Total migrations are always a terrible idea from a project's outset. If you've decided 100% is the appropriate strategy, you're probably wrong and setting the project up for failure. Almost assuredly, the correct place to stop a code migration for diminishing returns is before 100%. If the ratchet and partial migrations work and a new goal presents itself to finally cut the remaining bits: great. Just don't jump into total migrations to start.
Let's contrast the downsides of running code migrations in the shape of "fan out work to teams, coordinate them to do it" to self-run migrations.
Self-run migrations inherently don't have this problem. For every other team, the migrations are all win. Someone is coming in and making improvements. Sounds lovely.

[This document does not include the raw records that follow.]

(* Fix an integer $\alpha\ge2$, an integer $\Delta\ge3$, and parameters $\beta_\mu>\beta_\nu\ge\frac{\Delta-2}{\Delta}$ with $\beta:=(\beta_\nu/\beta_\mu)^\alpha\beta_\mu<\frac{\Delta-2}{\Delta}$. There is a constant $C=C(\Delta,\alpha,\beta_\nu,\beta_\mu)>0$ such that for every $\Delta$-regular graph $G$, letting $\nu$ and $\mu$ be the Gibbs distributions of $(G,\beta_\nu)$ and $(G,\beta_\mu)$ respectively, $$\frac1C\,Z(G,\beta)\ \le\ D_{\chi^\alpha}(\nu\|\mu)\cdot\frac{Z(G,\beta_\nu)^\alpha}{Z(G,\beta_\mu)^{\alpha-1}}\ \le\ C\,Z(G,\beta).$$
   Context: For a graph $G=(V,E)$ and $\gamma>0$, the Ising model $(G,\gamma)$ has Gibbs distribution on $\{-1,+1\}^V$ given by $\pi(\sigma)=\gamma^{m(\sigma)}/Z(G,\gamma)$, where $m(\sigma)=|\{\{u,v\}\in E:\sigma_u=\sigma_v\}|$ and $Z(G,\gamma)=\sum_{\sigma\in\{-1,+1\}^V}\gamma^{m(\sigma)}$ is its partition function. The $\chi^\alpha$-divergence is $D_{\chi^\alpha}(\nu\|\mu)=\sum_\sigma\mu(\sigma)\cdot\frac12\left|\frac{\nu(\sigma)}{\mu(\sigma)}-1\right|^\alpha$. *)

From mathcomp Require Import all_boot all_order all_algebra.
Set Implicit Arguments. Unset Strict Implicit. Unset Printing Implicit Defensive.
Import Order.TTheory GRing.Theory Num.Theory.
Local Open Scope ring_scope.

(* A finite simple graph is a symmetric irreflexive relation e on a finType T.
   Spin configurations sigma : {ffun T -> bool} (true = +1, false = -1). *)

Definition simple_graph (T : finType) (e : rel T) : Prop :=
  symmetric e /\ irreflexive e.

Definition regular (T : finType) (e : rel T) (D : nat) : Prop :=
  forall v : T, #|[pred u | e v u]| = D.

(* m(sigma): number of (unordered) edges {u,v} with sigma_u = sigma_v;
   computed as the number of ordered such pairs divided by 2. *)
Definition mono (T : finType) (e : rel T) (s : {ffun T -> bool}) : nat :=
  (#|[pred p : T * T | e p.1 p.2 && (s p.1 == s p.2)]| %/ 2)%N.

Definition Zpart (R : realFieldType) (T : finType) (e : rel T) (g : R) : R :=
  \sum_(s : {ffun T -> bool}) g ^+ mono e s.

Definition gibbs (R : realFieldType) (T : finType) (e : rel T) (g : R)
  (s : {ffun T -> bool}) : R :=
  g ^+ mono e s / Zpart e g.

Definition chi_div (R : realFieldType) (T : finType) (a : nat)
  (nu mu : {ffun T -> bool} -> R) : R :=
  \sum_(s : {ffun T -> bool}) mu s * (2^-1 * `|nu s / mu s - 1| ^+ a).

(* Write r = bnu / bmu, w(s) = bmu ^ m(s) and q = Z(bnu) / Z(bmu) = (sum w r^m) / (sum w).
   Clearing denominators, X = 1/2 sum_s w(s) |r^m(s) - q|^alpha, while
   Z(b) = sum_s w(s) (r^m(s))^alpha.  The bound X <= Z(b) follows from
   |y - q|^alpha <= y^alpha + q^alpha and Jensen's inequality
   q^alpha sum w <= sum w (r^m)^alpha.
   Conversely, flipping the spin of a vertex whose neighbours are not split evenly
   changes m by between 1 and Delta, so r^m and r^m' differ by a factor at least 1/r
   and one of them is at distance at least (1 - r) r^m / 2 from q, while w changes by
   a bounded factor.  Averaging this over the unbalanced vertices of each
   configuration, whose number changes by at most a factor Delta + 2 under such a flip,
   and disposing of configurations without unbalanced vertex by one extra flip, gives
   Z(b) <= C X with C independent of the graph. *)

From mathcomp Require Import all_boot all_order all_algebra.
From mathcomp Require Import reals.
From mathcomp Require Import zify ring lra.
Import Order.TTheory GRing.Theory Num.Theory.
Set Implicit Arguments. Unset Strict Implicit. Unset Printing Implicit Defensive.

Section SpinFlip.
Variables (T : finType) (e : rel T).
Hypotheses (e_sym : symmetric e) (e_irr : irreflexive e).

Definition flip (s : {ffun T -> bool}) (v : T) : {ffun T -> bool} :=
  [ffun x => if x == v then ~~ s x else s x].

Lemma flipK v : involutive (flip ^~ v).
Proof. by move=> s; apply/ffunP => x; rewrite !ffunE; case: eqP => // ->; rewrite negbK. Qed.

Definition nagree (s : {ffun T -> bool}) v := \sum_u (e v u && (s u == s v) : nat).
Definition ndisagree (s : {ffun T -> bool}) v := \sum_u (e v u && (s u != s v) : nat).

Definition unbalanced s v := nagree s v != ndisagree s v.
Definition nunbalanced s := \sum_v (unbalanced s v : nat).

Lemma sum_neighbours D v : regular e D -> \sum_u (e v u : nat) = D.
Proof.
by move=> e_reg; rewrite -(e_reg v) -sum1_card [RHS]big_mkcond; apply: eq_bigr => u _; rewrite inE.
Qed.

Lemma nagreeD D s v : regular e D -> nagree s v + ndisagree s v = D.
Proof.
move=> e_reg; rewrite -(sum_neighbours v e_reg) -big_split /=.
by apply: eq_bigr => u _; case: (e v u); case: (s u == s v).
Qed.

Lemma nagree_flip s v : nagree (flip s v) v = ndisagree s v.
Proof.
apply: eq_bigr => u _; rewrite !ffunE eqxx.
by case: (u =P v) => [->|_]; [rewrite e_irr | case: (s v); case: (s u)].
Qed.

Lemma ndisagree_flip s v : ndisagree (flip s v) v = nagree s v.
Proof.
apply: eq_bigr => u _; rewrite !ffunE eqxx.
by case: (u =P v) => [->|_]; [rewrite e_irr | case: (s v); case: (s u)].
Qed.

Lemma unbalanced_flip s v : unbalanced (flip s v) v = unbalanced s v.
Proof. by rewrite /unbalanced nagree_flip ndisagree_flip eq_sym. Qed.

(* Stated additively to avoid truncated subtraction, like [mono_flip] below. *)
Lemma nagree_flip_neighbour s v u : e u v ->
  nagree (flip s v) u + (s v == s u) = nagree s u + (s v != s u).
Proof.
move=> e_uv; have /negbTE u_v : u != v by apply: contraTneq e_uv => ->; rewrite e_irr.
rewrite /nagree (bigD1 v) //= [in RHS](bigD1 v) //= !ffunE eqxx e_uv /=.
rewrite eq_sym u_v (eq_bigr (fun i => (e u i && (s i == s u) : nat))); last first.
  by move=> i /negbTE i_v; rewrite !ffunE i_v.
by case: (s v); case: (s u) => /=; lia.
Qed.

Lemma unbalanced_flip_far s v w : w != v -> ~~ e v w ->
  unbalanced (flip s v) w = unbalanced s w.
Proof.
move=> /negbTE w_v /negbTE vw; congr (_ != _); apply: eq_bigr => u _;
  rewrite !ffunE w_v; case: (u =P v) => [->|] //; by rewrite e_sym vw.
Qed.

We can't escape the fact that there can be poor execution here, but it's isolated and easier to hold individuals accountable. There's no magic fix in doing self-run migrations for culture if the general sense is that poor execution is the norm. Self-run migrations will be more successful in general and can boost morale slightly, but engineering cultures place heavy emphasis on the negatives. If your goal is to improve culture alone, you'll want to chase the most negative negatives instead (unless code migrations are one).
A handful of engineers > handful of engineers loosely shepherding hundreds of engineers.
The main issue, disruption of team goals, is not present here. The people doing the work are the people who care about the work.
Nothing is taken away from teams due to this work so they have no reason to be defensive, only rightfully cautious of changes to their systems in general. In fact teams are even receptive to accepting ownership of slightly more things if the migrating team does the work and provides good documentation/support for those bits going forward.
There will be incidents. However we know the migration will be centrally managed. There will be multiple small incremental changes. There will be consistent and centrally managed rollback mechanisms. The issues while making changes will be learned immediately by the central team doing the rollout.
This is a much better situation than the dozens of independent incidents, tragic repeat issues, and churn of start/stops. As the migration plan evolves and is reworked due to incidents or new knowledge, the central team will be the only one adapting.
Self-run code migrations are the epitome of "consistent novelty." A small number of individuals are making a huge impact, not simply coordinating one. Here, we don't wrongly promote coordination or busywork. Most importantly, no one is given work that's not valuable, takes away from the work they should be doing, and that won't have an impact.
I did not talk about concrete engineering approaches in this article. We can't start to talk about approaches without a strong understanding of what to avoid. Having made the case for self-run migrations, we can next discuss efficient change management. That's the next problem, for another day.